* **AIM OF THE EXERCISE**:
The following data has a line with "Definition magic_unitary (I" and a line with "64 terms P_(Lmat". Write out exactly those lines and all the lines between them.

━━━ EXTRACTED INFORMATION ━━━

(* Let $V_1,\dots,V_{15}$ be the orbits of $L$ on $V(G_{E_8})$. For each $i$, choose a vector $w_i\in\Psi_{E_8}$ with $v_{w_i}\in V_i$. For $x\in\Psi_{E_8}$ let $P_x=\frac{1}{\|x\|^2}xx^*\in M_8(\mathbb{C})$ be the rank-one projection onto $\mathbb{C}x$. For $v_y,v_z\in V_i$ choose $M_{yz}=M_1\otimes M_2\otimes M_3$ with $M_k\in\{I,X,Y,Z\}$ such that $M_{yz}y=\pm z$ (which exists since $v_y,v_z$ lie in the same $L$-orbit), and set $u^{(i)}_{v_yv_z}:=M_{yz}P_{w_i}M_{yz}^*=P_{M_{yz}w_i}$. Let $u$ be the $120\times120$ matrix with entries in $M_8(\mathbb{C})$ that is block diagonal with respect to the partition $V_1,\dots,V_{15}$, with diagonal blocks $u^{(i)}=(u^{(i)}_{v_yv_z})_{v_y,v_z\in V_i}$ and all other entries $0$. Then $u$ is a quantum permutation matrix.
   Context: The $E_8$ root system $\Psi_{E_8}\subset\mathbb{R}^8$ consists of the 240 vectors $\pm e_i\pm e_j$ ($1\le i<j\le 8$) and all $x\in\{\pm1\}^8$ with $\prod_i x_i=1$. $G_{E_8}$ is the graph with vertices $v_x$, $x\in\Psi_{E_8}$, where $v_x=v_{-x}$, and $v_x\sim v_y$ iff $\langle x,y\rangle=0$. Let $I=\mathrm{diag}(1,1)$, $X=\begin{pmatrix}0&1\\1&0\end{pmatrix}$, $Z=\mathrm{diag}(1,-1)$, $Y=XZ$. For $M=M_1\otimes M_2\otimes M_3$ with $M_i\in\{I,X,Y,Z\}$, $\sigma_M:v_x\mapsto v_{Mx}$ is an automorphism of $G_{E_8}$ and $L=\{\sigma_M\}\cong\mathbb{Z}_2^6$; $L$ has 15 orbits on $V(G_{E_8})$, each of size 8. A quantum permutation matrix (magic unitary) over a unital $C^*$-algebra $\mathcal{A}$ is a matrix $u=(u_{ij})\in M_n(\mathcal{A})$ whose entries are projections ($u_{ij}=u_{ij}^*=u_{ij}^2$) with $\sum_k u_{ik}=1_{\mathcal{A}}=\sum_k u_{ki}$ for all $i$. Here $\mathcal{A}=M_8(\mathbb{C})$. *)

From HB Require Import structures.
From mathcomp Require Import all_boot all_order all_algebra.
From mathcomp Require Import algC.
From mathcomp Require Import mxtens.
Set Implicit Arguments. Unset Strict Implicit. Unset Printing Implicit Defensive.
Import Order.TTheory GRing.Theory Num.Theory.
Local Open Scope ring_scope.

(* Vectors of R^8 (inside C^8), as column vectors over algC. *)
Definition vec := 'cV[algC]_8.
Definition e8 (i : 'I_8) : vec := delta_mx i 0.
Definition sgn (b : bool) : algC := (-1) ^+ b.

(* The E_8 root system: the vectors +-e_i +- e_j (i<j) and the x in {+-1}^8
   with product of coordinates equal to 1. *)
Definition Psi_E8 : seq vec :=
  [seq sgn st.1 *: e8 p.1 + sgn st.2 *: e8 p.2
     | p <- filter (fun p : 'I_8 * 'I_8 => (p.1 < p.2)%N) (enum {: 'I_8 * 'I_8}),
       st <- enum {: bool * bool}]
  ++ map (fun f : {ffun 'I_8 -> bool} => \col_k sgn (f k))
       (filter (fun f : {ffun 'I_8 -> bool} => \prod_k sgn (f k) == 1)
          (enum {: {ffun 'I_8 -> bool}})).

Definition e8root := seq_sub Psi_E8.

(* the vertex v_x = v_{-x}, represented as the set {x, -x} *)
Definition vset (x : e8root) : {set e8root} :=
  [set y : e8root | (val y == val x) || (val y == - val x)].
Definition is_vertex (A : {set e8root}) : bool := [exists x : e8root, A == vset x].
Definition vertex := {A : {set e8root} | is_vertex A}.
Lemma vset_is_vertex (x : e8root) : is_vertex (vset x).
Proof. by apply/existsP; exists x. Qed.
Definition vtx (x : e8root) : vertex := exist _ (vset x) (vset_is_vertex x).

Inductive pauli := pI | pX | pY | pZ.
Definition matX : 'M[algC]_2 := \matrix_(i, j) (if i == j then 0 else 1).
Definition matZ : 'M[algC]_2 :=
  \matrix_(i, j) (if i == j then (if i == 0 then 1 else -1) else 0).
Definition pmat (p : pauli) : 'M[algC]_2 :=
  match p with pI => 1%:M | pX => matX | pY => matX *m matZ | pZ => matZ end.

Definition Lmat (t : (pauli * pauli * pauli)%type) : 'M[algC]_8 :=
  pmat t.1.1 *t (pmat t.1.2 *t pmat t.2).

Definition Lmaps (t : (pauli * pauli * pauli)%type) (a b : vertex) : Prop :=
  exists y z : e8root, vtx y = a /\ vtx z = b /\
    (Lmat t *m val y = val z \/ Lmat t *m val y = - val z).

Definition same_orbit (a b : vertex) : Prop := exists t, Lmaps t a b.

Definition adj {m n} (A : 'M[algC]_(m, n)) : 'M[algC]_(n, m) := (map_mx Num.conj A)^T.

Definition Pproj (x : vec) : 'M[algC]_8 :=
  (\sum_i `|x i 0| ^+ 2)^-1 *: (x *m adj x).

Definition is_projection (p : 'M[algC]_8) : Prop := adj p = p /\ p *m p = p.
Definition magic_unitary (I : finType) (u : I -> I -> 'M[algC]_8) : Prop :=
  (forall i j, is_projection (u i j)) /\
  (forall i, \sum_k u i k = 1%:M) /\ (forall i, \sum_k u k i = 1%:M).

From HB Require Import structures.
From mathcomp Require Import all_boot all_order all_algebra.
From mathcomp Require Import algC mxtens.
Import GRing.Theory Num.Theory.
Local Open Scope ring_scope.

(* The 64 matrices Lmat t are Kronecker products of real orthogonal 2 x 2
   Pauli matrices, so they are orthogonal, commute up to sign, square to +-1,
   and satisfy the completeness relation
   sum_t (Lmat t)_ik (Lmat t)_jl = 8 [i = j] [k = l]; hence
   sum_t Lmat t A (Lmat t)^* = 8 tr(A) I for every A.  Applied to A = P_y the
   64 terms P_(Lmat t y) land on the vertices of the L-orbit of v_y, each
   exactly 8 times, so the projections of the vertices of an orbit sum to I.
   If Lmat t maps v_y to v_w, then, as Pauli matrices commute up to sign and
   P_(-x) = P_x, the row of u at v_y is the orbit family of projections
   conjugated by Lmat t, so it sums to I; columns are similar, using
   M^2 = +-I.  The facts about roots (L maps roots to roots, the fibre count 8)
   are finite checks, done by computation on an integer copy of Psi_E8. *)

(** * Adjoints and rank-one projections *)

Section Adjoint.
Variables m n p : nat.

Lemma adjM (A : 'M[algC]_(m, n)) (B : 'M[algC]_(n, p)) :
  adj (A *m B) = adj B *m adj A.
Proof. by rewrite /adj map_mxM trmx_mul. Qed.

Lemma adjK (A : 'M[algC]_(m, n)) : adj (adj A) = A.
Proof. by apply/matrixP=> i j; rewrite !mxE conjCK. Qed.

Lemma adjZ (c : algC) (A : 'M[algC]_(m, n)) : adj (c *: A) = c^* *: adj A.
Proof. by apply/matrixP=> i j; rewrite !mxE rmorphM. Qed.

End Adjoint.

Definition sqnorm (x : vec) : algC := \sum_i `|x i 0| ^+ 2.

Lemma adj_mul_col (x : vec) : adj x *m x = (sqnorm x)%:M.
Proof.
apply/matrixP=> i j; rewrite !ord1 !mxE /=; apply: eq_bigr => k _.
by rewrite !mxE normCK mulrC.
Qed.

Lemma sqnorm_eq0 (x : vec) : (sqnorm x == 0) = (x == 0).
Proof.
apply/idP/eqP=> [x0|->]; last by rewrite /sqnorm big1 // => i _; rewrite mxE normr0 expr0n.
apply/matrixP=> i j; rewrite ord1 mxE; apply/eqP; rewrite -normr_eq0 -sqrf_eq0.
apply/eqP; apply: (psumr_eq0P _ (eqP x0)) => // k _; exact: exprn_ge0.
Qed.

Lemma sqnorm_unitary (A : 'M[algC]_8) (x : vec) :
  adj A *m A = 1%:M -> sqnorm (A *m x) = sqnorm x.
Proof.
move=> uA; have := adj_mul_col (A *m x); rewrite adjM mulmxA -(mulmxA (adj x)) uA mulmx1.
by rewrite adj_mul_col => /matrixP/(_ 0 0); rewrite !mxE /= !mulr1n => ->.
Qed.

Lemma PprojE (x : vec) : Pproj x = (sqnorm x)^-1 *: (x *m adj x).
Proof. by []. Qed.

Lemma PprojZ (c : algC) (x : vec) : c != 0 -> Pproj (c *: x) = Pproj x.
Proof.
move=> c0; rewrite !PprojE adjZ -scalemxAl -scalemxAr scalerA.
have -> : sqnorm (c *: x) = `|c| ^+ 2 * sqnorm x.
  rewrite /sqnorm mulr_sumr; apply: eq_bigr => i _.
  by rewrite mxE normrM exprMn.
by rewrite normCK scalerA invfM -mulrA mulrAC mulVf ?mul1r // mulf_neq0 ?conjC_eq0.
Qed.

Lemma PprojN (x : vec) : Pproj (- x) = Pproj x.
Proof. by rewrite -scaleN1r PprojZ ?oppr_eq0 ?oner_eq0. Qed.

Lemma Pproj_unitary (A : 'M[algC]_8) (x : vec) :
  adj A *m A = 1%:M -> Pproj (A *m x) = A *m Pproj x *m adj A.
Proof.
move=> uA; rewrite !PprojE sqnorm_unitary // adjM.
by rewrite -scalemxAr -scalemxAl !mulmxA.
Qed.

Lemma Pproj_is_projection (x : vec) : x != 0 -> is_projection (Pproj x).
Proof.
rewrite -sqnorm_eq0 => x0; split.
  rewrite PprojE adjZ adjM adjK fmorphV; congr (_^-1 *: _).
  rewrite rmorph_sum; apply: eq_bigr => i _.
  by rewrite rmorphXn; congr (_ ^+ 2); exact: conj_normC.
rewrite PprojE -scalemxAl -scalemxAr scalerA mulmxA -(mulmxA x) adj_mul_col.
by rewrite mul_mx_scalar -scalemxAl scalerA -mulrA mulVf ?mulr1.
Qed.

Lemma mxtrace_Pproj (x : vec) : x != 0 -> \tr (Pproj x) = 1.
Proof.
rewrite -sqnorm_eq0 => x0.
by rewrite PprojE mxtraceZ mxtrace_mulC adj_mul_col mxtrace_scalar mulr1n mulVf.
Qed.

━━━

* **RESULT OF THE EXERCISE**:
Definition magic_unitary (I : finType) (u : I -> I -> 'M[algC]_8) : Prop :=
  (forall i j, is_projection (u i j)) /\
  (forall i, \sum_k u i k = 1%:M) /\ (forall i, \sum_k u k i = 1%:M).

From HB Require Import structures.
From mathcomp Require Import all_boot all_order all_algebra.
From mathcomp Require Import algC mxtens.
Import GRing.Theory Num.Theory.
Local Open Scope ring_scope.

(* The 64 matrices Lmat t are Kronecker products of real orthogonal 2 x 2
   Pauli matrices, so they are orthogonal, commute up to sign, square to +-1,
   and satisfy the completeness relation
   sum_t (Lmat t)_ik (Lmat t)_jl = 8 [i = j] [k = l]; hence
   sum_t Lmat t A (Lmat t)^* = 8 tr(A) I for every A.  Applied to A = P_y the
   64 terms P_(Lmat t y) land on the vertices of the L-orbit of v_y, each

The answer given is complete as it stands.